**Stored items**
##############################
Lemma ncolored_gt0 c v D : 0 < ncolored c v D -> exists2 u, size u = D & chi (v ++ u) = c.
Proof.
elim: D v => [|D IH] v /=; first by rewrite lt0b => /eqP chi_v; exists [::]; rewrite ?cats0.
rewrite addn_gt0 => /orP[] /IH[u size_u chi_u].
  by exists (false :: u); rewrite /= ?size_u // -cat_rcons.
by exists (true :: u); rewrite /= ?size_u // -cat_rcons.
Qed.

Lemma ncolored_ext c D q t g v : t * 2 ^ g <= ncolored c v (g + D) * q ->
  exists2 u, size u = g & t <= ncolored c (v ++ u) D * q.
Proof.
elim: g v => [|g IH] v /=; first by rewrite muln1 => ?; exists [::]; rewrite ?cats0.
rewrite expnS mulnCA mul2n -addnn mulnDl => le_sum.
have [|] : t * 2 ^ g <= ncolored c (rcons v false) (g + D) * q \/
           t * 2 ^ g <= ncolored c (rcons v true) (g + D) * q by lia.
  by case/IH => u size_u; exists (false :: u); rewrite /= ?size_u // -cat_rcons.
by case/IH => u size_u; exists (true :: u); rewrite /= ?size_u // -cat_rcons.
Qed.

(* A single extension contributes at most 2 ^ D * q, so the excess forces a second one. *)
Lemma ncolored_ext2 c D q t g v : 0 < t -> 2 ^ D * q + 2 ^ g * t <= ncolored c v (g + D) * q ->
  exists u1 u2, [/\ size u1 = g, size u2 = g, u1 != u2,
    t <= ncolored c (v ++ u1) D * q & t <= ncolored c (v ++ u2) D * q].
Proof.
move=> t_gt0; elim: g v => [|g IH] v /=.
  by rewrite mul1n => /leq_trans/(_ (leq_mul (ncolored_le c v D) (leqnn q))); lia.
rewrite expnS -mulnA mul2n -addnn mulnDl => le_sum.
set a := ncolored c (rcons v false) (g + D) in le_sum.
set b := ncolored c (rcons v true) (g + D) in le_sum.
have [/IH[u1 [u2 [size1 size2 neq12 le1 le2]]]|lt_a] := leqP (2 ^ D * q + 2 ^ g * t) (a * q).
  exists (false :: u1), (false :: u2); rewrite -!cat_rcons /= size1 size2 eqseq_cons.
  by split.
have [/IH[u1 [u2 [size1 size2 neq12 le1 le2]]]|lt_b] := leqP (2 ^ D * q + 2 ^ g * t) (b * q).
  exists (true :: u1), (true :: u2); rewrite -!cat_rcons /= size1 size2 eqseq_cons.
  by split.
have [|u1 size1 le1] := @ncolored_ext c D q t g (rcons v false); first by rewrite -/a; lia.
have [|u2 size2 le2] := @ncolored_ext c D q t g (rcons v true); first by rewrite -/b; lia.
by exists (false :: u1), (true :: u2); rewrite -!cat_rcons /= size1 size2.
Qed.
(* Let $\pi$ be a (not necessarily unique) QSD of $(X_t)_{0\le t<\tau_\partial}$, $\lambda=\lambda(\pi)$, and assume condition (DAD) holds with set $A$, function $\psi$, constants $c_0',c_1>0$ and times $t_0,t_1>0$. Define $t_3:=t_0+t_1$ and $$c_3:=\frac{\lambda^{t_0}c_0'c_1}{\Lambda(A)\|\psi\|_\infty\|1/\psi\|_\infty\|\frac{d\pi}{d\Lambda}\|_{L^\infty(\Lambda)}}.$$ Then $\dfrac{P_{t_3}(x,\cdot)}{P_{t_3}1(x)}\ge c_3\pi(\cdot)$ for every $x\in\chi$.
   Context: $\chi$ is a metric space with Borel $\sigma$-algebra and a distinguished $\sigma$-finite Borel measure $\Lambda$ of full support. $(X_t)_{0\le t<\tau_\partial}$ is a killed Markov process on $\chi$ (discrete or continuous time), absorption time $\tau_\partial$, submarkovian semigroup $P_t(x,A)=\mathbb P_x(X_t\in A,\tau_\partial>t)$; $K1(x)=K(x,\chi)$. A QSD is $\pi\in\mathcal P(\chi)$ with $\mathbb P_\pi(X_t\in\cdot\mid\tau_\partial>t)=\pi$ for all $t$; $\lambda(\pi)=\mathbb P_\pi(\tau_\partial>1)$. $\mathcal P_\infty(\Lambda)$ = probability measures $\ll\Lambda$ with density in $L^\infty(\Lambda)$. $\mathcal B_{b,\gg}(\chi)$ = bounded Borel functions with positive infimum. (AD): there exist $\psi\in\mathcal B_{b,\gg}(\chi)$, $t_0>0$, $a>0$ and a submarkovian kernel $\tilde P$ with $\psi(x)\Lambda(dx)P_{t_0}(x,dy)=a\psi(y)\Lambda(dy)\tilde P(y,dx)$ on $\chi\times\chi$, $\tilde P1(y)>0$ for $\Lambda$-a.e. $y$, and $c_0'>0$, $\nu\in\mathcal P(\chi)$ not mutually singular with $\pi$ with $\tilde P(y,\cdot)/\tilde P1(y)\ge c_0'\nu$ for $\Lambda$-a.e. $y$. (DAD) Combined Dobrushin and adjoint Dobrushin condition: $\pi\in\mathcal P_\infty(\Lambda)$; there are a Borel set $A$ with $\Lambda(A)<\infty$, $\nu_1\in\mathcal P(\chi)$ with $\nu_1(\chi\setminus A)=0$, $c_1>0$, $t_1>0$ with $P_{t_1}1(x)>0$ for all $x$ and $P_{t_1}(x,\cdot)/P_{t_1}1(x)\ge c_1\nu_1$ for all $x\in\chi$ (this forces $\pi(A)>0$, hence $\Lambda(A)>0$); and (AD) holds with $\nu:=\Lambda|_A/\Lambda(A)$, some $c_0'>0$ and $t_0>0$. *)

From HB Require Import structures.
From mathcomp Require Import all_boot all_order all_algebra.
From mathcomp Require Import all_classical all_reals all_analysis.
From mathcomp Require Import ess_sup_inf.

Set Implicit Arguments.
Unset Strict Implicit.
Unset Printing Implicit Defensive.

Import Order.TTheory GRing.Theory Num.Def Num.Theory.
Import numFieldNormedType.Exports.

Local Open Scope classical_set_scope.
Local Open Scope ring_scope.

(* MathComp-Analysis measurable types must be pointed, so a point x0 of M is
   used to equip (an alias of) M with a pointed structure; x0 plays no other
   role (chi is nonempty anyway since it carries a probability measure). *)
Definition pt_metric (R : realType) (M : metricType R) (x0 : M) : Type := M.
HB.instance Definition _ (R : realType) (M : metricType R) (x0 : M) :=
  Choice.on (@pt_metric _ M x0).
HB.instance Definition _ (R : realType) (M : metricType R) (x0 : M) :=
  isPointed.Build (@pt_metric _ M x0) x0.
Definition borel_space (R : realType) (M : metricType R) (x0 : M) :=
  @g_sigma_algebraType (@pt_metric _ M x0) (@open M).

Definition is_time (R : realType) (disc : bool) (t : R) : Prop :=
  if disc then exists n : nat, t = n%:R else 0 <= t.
##############################
**EXERCISE INSTRUCTIONS**
Among the entries above, the lines between the ones containing "exists (false :: u1), (false" and "(* Let $\pi$", inclusive, are to be transcribed exactly. No other line is to be given.

**OUTPUT OF THE EXERCISE**
  exists (false :: u1), (false :: u2); rewrite -!cat_rcons /= size1 size2 eqseq_cons.
  by split.
have [/IH[u1 [u2 [size1 size2 neq12 le1 le2]]]|lt_b] := leqP (2 ^ D * q + 2 ^ g * t) (b * q).
  exists (true :: u1), (true :: u2); rewrite -!cat_rcons /= size1 size2 eqseq_cons.
  by split.
have [|u1 size1 le1] := @ncolored_ext c D q t g (rcons v false); first by rewrite -/a; lia.
have [|u2 size2 le2] := @ncolored_ext c D q t g (rcons v true); first by rewrite -/b; lia.
by exists (false :: u1), (true :: u2); rewrite -!cat_rcons /= size1 size2.
Qed.
(* Let $\pi$ be a (not necessarily unique) QSD of $(X_t)_{0\le t<\tau_\partial}$, $\lambda=\lambda(\pi)$, and assume condition (DAD) holds with set $A$, function $\psi$, constants $c_0',c_1>0$ and times $t_0,t_1>0$. Define $t_3:=t_0+t_1$ and $$c_3:=\frac{\lambda^{t_0}c_0'c_1}{\Lambda(A)\|\psi\|_\infty\|1/\psi\|_\infty\|\frac{d\pi}{d\Lambda}\|_{L^\infty(\Lambda)}}.$$ Then $\dfrac{P_{t_3}(x,\cdot)}{P_{t_3}1(x)}\ge c_3\pi(\cdot)$ for every $x\in\chi$.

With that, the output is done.